Cristiano Lima-Strong: Yes, that's right. I take the caller's point that it was several years after the transactions that they brought this challenge. Certainly, this is something that Meta has argued and a lot of the business community has said, which is, is this a slippery slope that the federal regulators being able to reach back in time and challenge transactions from several years prior, is that going to create an environment where companies feel like any past merger acquisition is never truly closed?
Certainly, this is something that we're going to likely hear the company continue to argue, but the court has affirmed that, yes, the agency had the right to bring this challenge even though it had happened years prior.
Amina Srna: We have a couple of listeners calling and texting in about how they use Meta's products to run their businesses. Let's go to John in Manhattan. Hi, John, you're on WNYC.
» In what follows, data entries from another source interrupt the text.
Lemma step_count_formula (b n : nat) (d i j : int) : (0 < b)%N ->
  (step_count n b d i j)%:R =
  let U : int := - j + 1 + ((- i - 1 + (1 - n%:Z) * d) %/ b%:Z)%Z in
  if U < 0 then 0 else
   \sum_(r < (absz U).+1)
     (-1) ^+ r * ('C(n.+1, r))%:R *
     binz (n%:Z - b%:Z * (j - 1 + r%:Z) - i - 1 + (1 - n%:Z) * d) n.
Proof.
move=> b_gt0; have bn0 : b%:Z != 0 by rewrite eqz_nat -lt0n.
rewrite step_count_coef //= (_ : - j + 1 + _ = (carry_target b n d i j %/ b%:Z)%Z).
  case: (lerP 0 (carry_target b n d i j)) => htarget; last first.
    by rewrite ltNge divz_ge0 ?ltz_nat // -ltNge htarget.
  set M := absz (carry_target b n d i j).
  have hM : carry_target b n d i j = M%:Z by rewrite /M gez0_abs.
  rewrite hM divz_nat /= coef_digit_poly_pow inclusion_exclusion_range //.
  apply: eq_bigr => r _; congr (_ * _).
  have hr : (b * r <= M)%N.
    by rewrite mulnC -leq_divRL // -ltnS ltn_ord.
  move: hM; rewrite /carry_target => hM.
  rewrite (_ : _ - _ + _ = (M - b * r + n)%N%:Z) ?binz_nat //.
  by rewrite PoszD -(subzn hr) PoszM; lia.
rewrite /carry_target (_ : _ + b%:Z - 1 = (1 - j) * b%:Z + (- i - 1 + (1 - n%:Z) * d)).
  by rewrite divzMDl //; ring.
by ring.
Qed.

Theorem theorem3 (b n : nat) (d : int) (i j : int) (t : nat) :
  (2 <= b)%N -> (1 <= n)%N ->
  d <= 0 -> 0 <= d + (b%:Z - 1) ->
  state_space n b d i -> state_space n b d j ->
  0 < prob_carry n b d t i ->
  trans_prob n b d t i j = trans_formula n b d i j.
Proof.
move=> b_ge2 _ _ _ _ _ hpos.
have b_gt0 : (0 < b)%N by apply: leq_trans b_ge2.
rewrite trans_prob_step_count // step_count_formula //.
by rewrite /trans_formula mulrC div1r natrX.
Qed.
John: Hello. Thanks for taking my call. I do have a question about posting links to online stores. I have one, and I have noticed that Instagram and Facebook don't allow you anymore to link out to a different online store. They have their own sales platforms, and they want you to use those. I'm just wondering if you're talking about monopolies stifling competition, is something like that something that the courts would consider? The fact that you have to sell products through them if you use their platform.
Amina Srna: John, thank you so much for your call. Cristiano, do you have an answer for John?
Cristiano Lima-Strong: Yes. I'm not familiar with the particulars of linking out, but this is what's typically referred to as self-preferencing. This idea that a company is able to give its own products preferential treatment because it owns a large platform, so it's able to reroute users to some of its own other services. This is something that's a more novel competition theory. I'm not sure if it's something that the court would actively consider in this case, but it's certainly something that competition advocates for a long time have been sounding the alarm about being an anti-competitive effect of a monopoly in this space.
Amina Srna: Here's another related text. "I'm a photographer who's been using Instagram and Facebook for the past 13 years. Since Facebook acquired Instagram, I've seen a huge shift in how artists and content creators are able to reach people. We used to be able to organically connect with new audiences, now Meta controls our visibility. A large percentage of my followers don't even see my posts unless I pay to promote them, despite the fact that they chose to follow me. That's always felt unfair, and I genuinely hope Meta is eventually forced to sell."
As we wrap up, Cristiano, you were, I think, getting into this in your last answer, but the FTC's case against Meta is the third major tech antitrust lawsuit to go to trial in the last couple of years. Last year, the Justice Department won its antitrust case against Google for monopolizing internet search. Can you put this Meta antitrust case in a bit of broader context for us? Why is the FTC going after big tech now, if you can speculate?
Cristiano Lima-Strong: Absolutely. I think there's a widespread sentiment in Washington that federal regulators, that policymakers for a long time, were asleep at the wheel with these firms. In the early 2010s, there was a sentiment that these were champions, bastions of American innovation. I think a lot of policymakers and regulators now feel like, in hindsight, they should have been a lot more critical and scrutinized some of the acquisitions that were happening at the time.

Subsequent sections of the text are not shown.